Sequential design of multi-fidelity computer experiments: maximizing the rate of stepwise uncertainty reduction
This work addresses the challenge of optimizing computational resources in multi-fidelity simulations for applications like fire safety, though it appears incremental as it unifies existing methods.
The paper tackles the problem of efficiently designing multi-fidelity computer experiments by proposing MR-SUR, a Bayesian sequential strategy that maximizes the ratio of uncertainty reduction to simulation cost, and demonstrates its performance on examples including a fire safety analysis.

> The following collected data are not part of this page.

Definition ext_colE := (ext_col_u_x1, ext_col_x1_u, ext_col_u_x2, ext_col_x2_u, ext_col_u_x3,
  ext_col_x3_u, ext_col_x1_a1, ext_col_a1_x1, ext_col_a1_b1, ext_col_b1_a1, ext_col_x2_a2,
  ext_col_a2_x2, ext_col_a2_b2, ext_col_b2_a2, ext_col_x3_a3, ext_col_a3_x3).

Ltac neq_absurd E :=
  match goal with
  | H : is_true (?a != ?a) |- _ => by rewrite eqxx in H
  | H : is_true (_ != _) |- _ => by move: H; rewrite E eqxx
  end.

Ltac is1_absurd H :=
  match goal with Hi : is_true (is1 _) |- _ => by rewrite (is1_is2F Hi) in H end.

Ltac opposite_absurd H1 H2 :=
  first [ by rewrite H1 in H2
        | match goal with H : is_true _ |- _ => by move: H; rewrite ?H1 ?H2 end ].

Lemma ext_matching k : is1 k -> is_matching_col e ext_col k.
Proof.
move=> k1; have m0 : is_matching_col reduced c k.
  by case: cgood => -[m1a m1b _ _] _ _; case/orP: k1 => /eqP->.
move=> x y z exy exz yz H1 H2.
have [xi|xo] := boolP (x \in inner).
  case/inner_cases: xi exy exz yz H1 H2 => [|||[||]] -> exy exz yz H1 H2;
    nbr_cases exy; move=> /eqP Ey; nbr_cases exz; move=> /eqP Ez; subst y z;
    rewrite ?ext_colE in H1 H2; neq_absurd (etrans H1 (esym H2)).
have side y' z' : e x y' -> e x z' -> y' != z' -> y' \in inner ->
    ext_col [set x; y'] = k -> ext_col [set x; z'] = k -> False.
  move=> exy' exz' yz' yi H1' H2'.
  case: (inner_boundary (adj_sym exy') yi xo) => -[Ey Ex]; subst x y';
    nbr_cases exz'; move=> /eqP Ez; subst z'; rewrite ?ext_colE ?ext_col_out ?innerE // in H1' H2';
    neq_absurd (etrans H1' (esym H2')).
have [yi|yo] := boolP (y \in inner); first exact: side exy exz yz yi H1 H2.
have [zi|zo] := boolP (z \in inner); first by apply: side exz exy _ zi H2 H1; rewrite eq_sym.
rewrite !ext_col_out // in H1 H2.
exact: m0 (reducedE exy xo yo) (reducedE exz xo zo) yz H1 H2.
Qed.

Definition spoke (f : {set T}) := [|| f == [set u; x1], f == [set u; x2] | f == [set u; x3]].

Lemma spoke_inner x y : spoke [set x; y] -> x \in inner.
Proof.
have xf : x \in [set x; y] by rewrite in_set2 eqxx.
by case/or3P=> /eqP E; move: xf; rewrite E in_set2 => /orP[] /eqP->; rewrite innerE.
Qed.

Lemma ext_col2_spoke x y : e x y -> is2 (ext_col [set x; y]) ->
  (x \in inner) || (y \in inner) -> spoke [set x; y].
Proof.
move=> exy c2 xyi; wlog xi : x y exy c2 {xyi} / x \in inner.
  move=> W; have [xi|xo] := boolP (x \in inner); first exact: W.
  rewrite setUC; apply: W; rewrite 1?setUC //; first exact: adj_sym.
  by rewrite (negbTE xo) in xyi.
rewrite /spoke; case/inner_cases: xi exy c2 => [|||[||]] -> exy c2; nbr_cases exy;
  move=> /eqP Ey; subst y; rewrite !eq_set2 !distE //=; rewrite ext_colE in c2; is1_absurd c2.
Qed.

Lemma spoke_far p1 p2 q1 q2 : e p1 p2 -> e q1 q2 -> spoke [set p1; p2] ->
  q1 \notin inner -> q2 \notin inner -> e p1 q1 ->
  [/\ p1 = x3, [set p1; p2] = [set u; x3], q1 = a3 & q2 = w3].
Proof.
move=> ep eq sp q1o q2o epq; have p1i := spoke_inner sp.
case: (inner_boundary epq p1i q1o) => -[Ep1 Eq1]; subst p1 q1;
  move: sp; rewrite /spoke !eq_set2 !distE //= => /eqP Ep2; subst p2.
by split=> //; [exact: setUC | exact: reduced_a3 (reducedE eq q1o q2o)].
Qed.

Lemma ext_induced k : is2 k -> is_induced_matching_col e ext_col k.
Proof.
move=> k2; have i0 : is_induced_matching_col reduced c k.
  by case: cgood => -[_ _ i2a i2b] _ _; case/orP: k2 => /eqP->.
have far p1 p2 q1 q2 : e p1 p2 -> e q1 q2 -> ext_col [set p1; p2] = k ->
    ext_col [set q1; q2] = k -> (p1 \in inner) || (p2 \in inner) ->
    q1 \notin inner -> q2 \notin inner -> e p1 q1 -> False.
  move=> ep eq Hp Hq pi q1o q2o epq.
  have sp := ext_col2_spoke ep (etrans (congr1 is2 Hp) k2) pi.
  case: (spoke_far ep eq sp q1o q2o epq) => _ Ep Eq1 Eq2; subst q1 q2.
  rewrite Ep ext_colE in Hp; rewrite ext_col_out ?innerE // in Hq.
  by case/andP: (far_u3 (etrans (congr1 is2 Hp) k2)); rewrite Hq => /is1_is2F; rewrite k2.
move=> p1 p2 q1 q2 ep eq ne H1 H2.
have [pi|po] := boolP ((p1 \in inner) || (p2 \in inner)).
  have sp := ext_col2_spoke ep (etrans (congr1 is2 H1) k2) pi.
  have [qi|qo] := boolP ((q1 \in inner) || (q2 \in inner)).
    have sq := ext_col2_spoke eq (etrans (congr1 is2 H2) k2) qi.
    case/or3P: sp => /eqP Ep; case/or3P: sq => /eqP Eq; rewrite Ep Eq ?ext_colE in ne H1 H2;
      neq_absurd (etrans H1 (esym H2)).
  move: qo; rewrite negb_or => /andP[q1o q2o].
  split; first by apply: contraNneq q1o => <-; apply: spoke_inner sp.
  by apply/negP => epq; apply: far ep eq H1 H2 pi q1o q2o epq.
move: po; rewrite negb_or => /andP[p1o p2o].
have [qi|qo] := boolP ((q1 \in inner) || (q2 \in inner)).
  have q1i := spoke_inner (ext_col2_spoke eq (etrans (congr1 is2 H2) k2) qi).
  split; first by apply: contraNneq p1o => ->.
  by apply/negP => epq; apply: far eq ep H2 H1 qi p1o p2o (adj_sym epq).
move: qo; rewrite negb_or => /andP[q1o q2o].
rewrite !ext_col_out // in H1 H2.
have [n1 n2] := i0 _ _ _ _ (reducedE ep p1o p2o) (reducedE eq q1o q2o) ne H1 H2.
by split=> //; apply: contra n2 => epq; apply: reducedE.
Qed.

This article deals with the sequential design of experiments for (deterministic or stochastic) multi-fidelity numerical simulators, that is, simulators that offer control over the accuracy of simulation of the physical phenomenon or system under study. Very often, accurate simulations correspond to high computational efforts whereas coarse simulations can be obtained at a smaller cost. In this setting, simulation results obtained at several levels of fidelity can be combined in order to estimate quantities of interest (the optimal value of the output, the probability that the output exceeds a given threshold...) in an efficient manner. To do so, we propose a new Bayesian sequential strategy called Maximal Rate of Stepwise Uncertainty Reduction (MR-SUR), that selects additional simulations to be performed by maximizing the ratio between the expected reduction of uncertainty and the cost of simulation. This generic strategy unifies several existing methods, and provides a principled approach to develop new ones. We assess its performance on several examples, including a computationally intensive problem of fire safety analysis where the quantity of interest is the probability of exceeding a tenability threshold during a building fire.